暇を持て余せば腹も減る

 「(我ながら酷い死に様だ)」


 あの横取り野郎に殺されていた方が、よほどスッキリしていたかもしれない。人としての最後が、まさか実の母親による絞殺とは……いやはや参ったね、どうも。


 まぁしかし、死んでしまったとは言え俺はこうして生きている。あの最悪続きの人生からは逃れたのだと前向きに考えよう。

 生まれ変わった姿がドラゴンなれど、これなら金を稼ぐ必要も無い。こき使われる事も無ければ、あの母親のご機嫌取りもしないでいい。


 何より、俺に慈愛の眼差しを向けてくれる新たな母が居る。


 それだけで最高じゃないか。


 ま、ドラゴン殺しといてドラゴンへ生まれ変わるなんて皮肉にしても酷いもんだが。


 「(……ドラゴンと言えば)」


 ふと思い出し、自分の胸部を見下ろしてみる。

 過去を振り返ってみて、そういえばデモンズドラゴンを殺した後に感じた胸の痛みは何だったのだろうかと、そんな軽い気持ちで見た結果……。


 「(傷跡? いや、焼印……聖皇竜特有の模様って線もあるか)」


 この幼い竜の胸部には、何やら見慣れない模様が刻まれていた。

 円の中に爪痕のような3本線。ボンヤリと赤く光るそれは、母ドラゴンの胸部に浮かぶ深紅の鱗とはまた違うようにも見える。


 これ何だ? 聖皇竜の幼体にだけ現れる特徴? いや、それにしたってこれだけハッキリ刻まれてると何か違和感があるしな……んんー?

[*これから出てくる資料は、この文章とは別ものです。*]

Lemma smooth_quadratic_bound (x z : V) :
  `|f z - f x - dotv (g x) (z - x)| <= L / 2 * dotv (z - x) (z - x).
Proof.
set v := z - x; have -> : z = x + 1 *: v by rewrite scale1r addrC subrK.
set A := dotv (g x) v; set S := dotv v v.
pose h s := f (x + s *: v) - s * A.
pose h' s := dotv (g (x + s *: v) - g x) v.
have dh (s : R) : is_derive s 1 h (h' s).
  apply: is_derive_eq (is_deriveB (is_derive_line x v s)
                        (is_deriveM (is_derive_id s 1) (is_derive_cst A s 1))) _.
  by rewrite /h' dotvBl scaler0 add0r [_%:A]mulr1.
have h'_bound s : 0 < s < 1 -> `|h' s| <= L * S * s.
  by case/andP=> s_gt0 _; rewrite mulrC mulrA; exact: smooth_dotv_bound.
have le_h' s : 0 < s < 1 -> h' s <= L * S * s by move/h'_bound/ler_normlW.
have ge_h' s : 0 < s < 1 -> - h' s <= L * S * s.
  by move/h'_bound; rewrite -normrN => /ler_normlW.
have := increment_le_of_derive_le _ _ _ dh le_h'.
have := increment_le_of_derive_le _ _ _ (fun s => is_deriveN (dh s)) ge_h'.
have hN s : (- h) s = - h s by [].
rewrite !hN /h scale0r addr0 mul0r subr0 mul1r ler_norml.
by move=> *; apply/andP; split; lra.
Qed.

Lemma smooth_upper_bound (x z : V) :
  f z <= f x + dotv (g x) (z - x) + L / 2 * dotv (z - x) (z - x).
Proof. by have /ler_normlW := smooth_quadratic_bound x z; lra. Qed.

Lemma gradient_sqr_le_gap (xs x : V) :
  (forall y, f xs <= f y) -> dotv (g x) (g x) / (2 * L) <= f x - f xs.
Proof.
move=> xs_min; have := smooth_upper_bound x (x - L^-1 *: g x).
have -> : x - L^-1 *: g x - x = - (L^-1 *: g x) by rewrite addrC addKr.
rewrite !(dotvNl, dotvNr, dotvZl, dotvZr) opprK.
have := xs_min (x - L^-1 *: g x); set G := dotv (g x) (g x).
have L_neq0 : L != 0 by rewrite gt_eqF.
have -> : L / 2 * (L^-1 * (L^-1 * G)) = L^-1 * G / 2 by field.
have -> : G / (2 * L) = L^-1 * G / 2 by field.
lra.
Qed.

Hypothesis fconv : convex_fun f.

(* Convexity bounds the difference quotient of f along [x, z] by [f z - f x];
   the lower quadratic bound shows that it tends to [<g x, z - x>]. *)
Lemma convex_gradient_le (x z : V) : f x + dotv (g x) (z - x) <= f z.
Proof.
set v := z - x; set A := dotv (g x) v; set S := dotv v v.
suff : A <= f z - f x by lra.
apply: (@ler_of_forall_subM _ _ (L / 2 * S)).
  by rewrite mulr_ge0 ?dotvv_ge0 // divr_ge0 // ltW.
move=> t /andP[t_gt0 t_le1]; rewrite -(ler_pM2l t_gt0).
have := fconv z x t (ltW t_gt0) t_le1.
have -> : t *: z + (1 - t) *: x = x + t *: v.
  by rewrite /v scalerBl scale1r scalerBr addrCA addrA.
have := smooth_quadratic_bound x (x + t *: v).
have -> : x + t *: v - x = t *: v by rewrite addrC addKr.
rewrite !(dotvZl, dotvZr) -/A -/S ler_norml => /andP[lo _].
lra.
Qed.

(* Convexity at y and the upper quadratic bound at x, both evaluated at
   [z = x - (g x - g y) / L]. *)
Lemma smooth_convex_interpolation (x y : V) :
  f y + dotv (g y) (x - y) + dotv (g x - g y) (g x - g y) / (2 * L) <= f x.
Proof.
have := dotvBl (g x) (g y) (g x - g y).
have := convex_gradient_le y (x - L^-1 *: (g x - g y)).
have := smooth_upper_bound x (x - L^-1 *: (g x - g y)).
have -> : x - L^-1 *: (g x - g y) - x = - (L^-1 *: (g x - g y)).
  by rewrite addrC addKr.
rewrite addrAC; move: (g x - g y) => w.
rewrite !(dotvNl, dotvNr, dotvZl, dotvZr, dotvBr) opprK.
set W := dotv w w; set Gx := dotv (g x) w; set Gy := dotv (g y) w.
have L_neq0 : L != 0 by rewrite gt_eqF.
have -> : L / 2 * (L^-1 * (L^-1 * W)) = L^-1 * W / 2 by field.
have -> : W / (2 * L) = L^-1 * W / 2 by field.
move=> ? ? /(congr1 (fun r => L^-1 * r)); rewrite mulrBr.
lra.
Qed.

End SmoothFunctions.

Section Potential.
Context {R : realType} {d : nat}.
Local Notation V := 'rV[R]_d.

Definition lambda_coef (r : R) : R := 6 / ((r + 2) * (r + 3)).

Definition delta_coef (r : R) : R := 12 / ((r + 1) * (r + 2) * (r + 3)).

Definition interp_gap (L fx fy : R) (x y gx gy : V) : R :=
  fx - fy - dotv gy (x - y) - dotv (gx - gy) (gx - gy) / (2 * L).

Definition mogmg_potential (L r fx fN : R) (x v gx xN gN : V) : R :=
  - lambda_coef r * (fx - fN + (dotv gx gx + dotv gN gN) / (2 * L))
  - dotv v (L *: (xN - x) + (r + 1) *: gx - gN)
  - r * (r + 1) * (r + 2) * (r + 3) / 24 * L * dotv v v.

Lemma mogmg_potential_step (L r fx fx' fN : R) (x x' v v' gx gx' xN gN : V) :
  0 < L -> 0 <= r ->
  v' = v + (12 / (L * ((r + 1) * (r + 2) * (r + 3)))) *: gx ->
  x' = x - L^-1 *: gx - (r * (r + 1) * (r + 2) / 6) *: v' ->
  mogmg_potential L (r - 1) fx' fN x' v' gx' xN gN
    - mogmg_potential L r fx fN x v gx xN gN
  = lambda_coef (r - 1) * interp_gap L fx fx' x x' gx gx'
    + delta_coef r * interp_gap L fN fx xN x gN gx
    + delta_coef r * dotv gx gx / (2 * L).
Proof.
move=> L_gt0 r_ge0 -> ->.
rewrite /mogmg_potential /interp_gap /lambda_coef /delta_coef.
rewrite !(dotvDl, dotvDr, dotvNl, dotvNr, dotvZl, dotvZr).
(* Orient every inner product along x, v, gx, gx', xN, gN, so that [field]
   faces a polynomial identity in independent atoms. *)
rewrite ?(dotvC v x) ?(dotvC gx x) ?(dotvC gx' x) ?(dotvC xN x) ?(dotvC gN x).
rewrite ?(dotvC gx v) ?(dotvC gx' v) ?(dotvC xN v) ?(dotvC gN v).
rewrite ?(dotvC gx' gx) ?(dotvC xN gx) ?(dotvC gN gx).
rewrite ?(dotvC xN gx') ?(dotvC gN gx') ?(dotvC gN xN).
have r1 : r + 1 != 0 by rewrite gt_eqF // ltr_pwDr.
have r2 : r + 2 != 0 by rewrite gt_eqF // ltr_pwDr.
have r3 : r + 3 != 0 by rewrite gt_eqF // ltr_pwDr.
have L_neq0 : L != 0 by rewrite gt_eqF.
have -> : r - 1 + 2 = r + 1 by ring.
have -> : r - 1 + 3 = r + 2 by ring.
have -> : r - 1 + 1 = r by ring.
by field; rewrite L_neq0 r1 r2 r3.
Qed.

End Potential.

Section Iterates.
Context {R : realType} {d : nat}.
Local Notation V := 'rV[R]_d.
Variables (f : V -> R) (g : V -> V) (L : R) (N : nat) (x0 : V).
Hypotheses (L_gt0 : 0 < L) (fg : is_gradient f g) (fconv : convex_fun f)
  (gL : L_smooth L g).

Local Notation x k := (mogmg_x g L N x0 k).
Local Notation v k := (mogmg_state g L N x0 k).2.

Lemma mogmg_vS k :
  v k.+1 = v k + (12 / (L * ((N - k + 1)%:R * (N - k + 2)%:R * (N - k + 3)%:R)))
                   *: g (x k).
Proof. by rewrite /mogmg_x /=; case: mogmg_state. Qed.

Lemma mogmg_xS k :
  x k.+1 = x k - L^-1 *: g (x k)
           - ((N - k)%:R * (N - k + 1)%:R * (N - k + 2)%:R / 6) *: v k.+1.
Proof. by rewrite /mogmg_x /=; case: mogmg_state. Qed.

Let Phi k := mogmg_potential L (N - k)%:R (f (x k)) (f (x N)) (x k) (v k)
  (g (x k)) (x N) (g (x N)).

Lemma mogmg_potential_increment k : (k < N)%N ->
  mogmg_delta N k / 2 * enorm (g (x k)) ^+ 2 <= L * (Phi k.+1 - Phi k).
Proof.
move=> lt_kN; set r : R := (N - k)%:R.
have r_ge0 : 0 <= r by [].
have rS : (N - k.+1)%:R = r - 1 by rewrite /r -(subnSK lt_kN) -natr1 addrK.
have vS := mogmg_vS k; have xS := mogmg_xS k; rewrite !natrD -/r in vS xS.
rewrite /Phi rS mogmg_potential_step //.
have gap_ge0 y z : 0 <= interp_gap L (f y) (f z) y z (g y) (g z).
  have := smooth_convex_interpolation L_gt0 fg gL fconv y z.
  by rewrite /interp_gap; lra.
have lam_ge0 : 0 <= lambda_coef (r - 1) by rewrite divr_ge0 // mulr_ge0 //; lra.
have del_ge0 : 0 <= delta_coef r by rewrite divr_ge0 // !mulr_ge0 //; lra.
have -> : mogmg_delta N k = delta_coef r by rewrite /mogmg_delta !natrD.
rewrite enorm_sqr.
have -> : delta_coef r / 2 * dotv (g (x k)) (g (x k))
          = L * (delta_coef r * dotv (g (x k)) (g (x k)) / (2 * L)).
  by field; rewrite gt_eqF.
by rewrite ler_pM2l // lerDr; apply: addr_ge0; exact: mulr_ge0.
Qed.

Lemma mogmg_sum_le_potential :
  \sum_(0 <= k < N) mogmg_delta N k / 2 * enorm (g (x k)) ^+ 2
  <= L * (Phi N - Phi 0).
Proof.
rewrite -telescope_sumr // mulr_sumr.
by apply: ler_sum_nat => k /andP[_]; exact: mogmg_potential_increment.
Qed.

Lemma mogmg_sum_bound :
  \sum_(0 <= k < N.+1) mogmg_delta N k / 2 * enorm (g (x k)) ^+ 2
  <= L * lambda_coef N%:R
       * (f x0 - f (x N)
          + (dotv (g x0) (g x0) + dotv (g (x N)) (g (x N))) / (2 * L)).
Proof.
have PhiN : Phi N = - dotv (g (x N)) (g (x N)) / L.
  rewrite /Phi subnn /mogmg_potential /lambda_coef mulr0n !subrr scaler0 !add0r.
  rewrite scale1r subrr.
  by rewrite dotvC dotv0l !mul0r !subr0; field; rewrite gt_eqF.
have Phi0 : Phi 0 = - lambda_coef N%:R
    * (f x0 - f (x N)
       + (dotv (g x0) (g x0) + dotv (g (x N)) (g (x N))) / (2 * L)).
  rewrite /Phi subn0 /mogmg_potential [v 0]/= [x 0]/mogmg_x /=.
  by rewrite !dotv0l mulr0 !subr0.
have deltaN : mogmg_delta N N = 2 :> R by rewrite /mogmg_delta subnn; field.
rewrite big_nat_recr //= deltaN enorm_sqr.
have := mogmg_sum_le_potential; rewrite PhiN Phi0.
set W := _ + (_ + _) / _; set GN := dotv (g (x N)) (g (x N)).
have -> : L * (- GN / L - - lambda_coef N%:R * W) = L * lambda_coef N%:R * W - GN.
  by field; rewrite gt_eqF.
lra.
Qed.

End Iterates.

Theorem theorem2 (R : realType) (d : nat) (f : 'rV[R]_d -> R)
  (g : 'rV[R]_d -> 'rV[R]_d) (L : R) (xstar x0 : 'rV[R]_d) (Delta0 : R) (N : nat) :
  0 < L ->
  is_gradient f g ->
  convex_fun f ->
  L_smooth L g ->
  (forall y, f xstar <= f y) ->
  f x0 - f xstar <= Delta0 ->
  (1 <= N)%N ->
  \sum_(0 <= k < N.+1) (mogmg_delta N k / 2) * enorm (g (mogmg_x g L N x0 k)) ^+ 2
    <= 12 * L * Delta0 / ((N + 2)%:R * (N + 3)%:R).
Proof.
move=> L_gt0 fg fconv gL xstar_min gap_x0 _.
apply: le_trans (mogmg_sum_bound f g L N x0 L_gt0 fg fconv gL) _.
have gap0 := gradient_sqr_le_gap L_gt0 fg gL xstar x0 xstar_min.
have gapN :=
  gradient_sqr_le_gap L_gt0 fg gL xstar (mogmg_x g L N x0 N) xstar_min.
have lam_ge0 : 0 <= lambda_coef (N%:R : R) by rewrite divr_ge0 // mulr_ge0.
have -> : 12 * L * Delta0 / ((N + 2)%:R * (N + 3)%:R)
          = L * lambda_coef N%:R * (2 * Delta0).
  by rewrite /lambda_coef !natrD; field; rewrite !gt_eqF // ltr_wpDl.
apply: ler_wpM2l; first by rewrite mulr_ge0 // ltW.
rewrite mulrDl; lra.
Qed.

 怪我を負った訳でもないのにデモンズドラゴンを殺した際に感じた胸の激痛。

 そして、今俺の胸にある謎の焼印のような模様。これは偶然か?


 まぁ、今更そんな事を考えたって答えなんか出ないのだが。

 母ドラゴンはこれを変に思っていないのだろうか? 特にツッコまれないなら、やはり聖皇竜特有の物という線も捨てきれない、か?


 「キュキュイキュゥ考え過ぎかな……」


 「……」


 「キュッうおっ!?」


 色々と考えていると、突然母ドラゴンが大きく翼をはためかせ始めた。何をと思う暇もなく、バサッと力強く一扇ぎしてあっという間に飛び立つ。

 空中で俺の方を一瞥して、そのまま天井の穴から外へと飛び出していった。


 ……ええ? 唐突ぅ。

 ドラゴンの考えてる事なんて分からんし、何かあったのだろうか。ま、知る術も無し。

 それよりも、だ! 母親の目が無くなった今、この巣の中を自由に散策しても誰にも止められない。特別気になるような物は無いかもしれないが、とりあえず見て回ろう。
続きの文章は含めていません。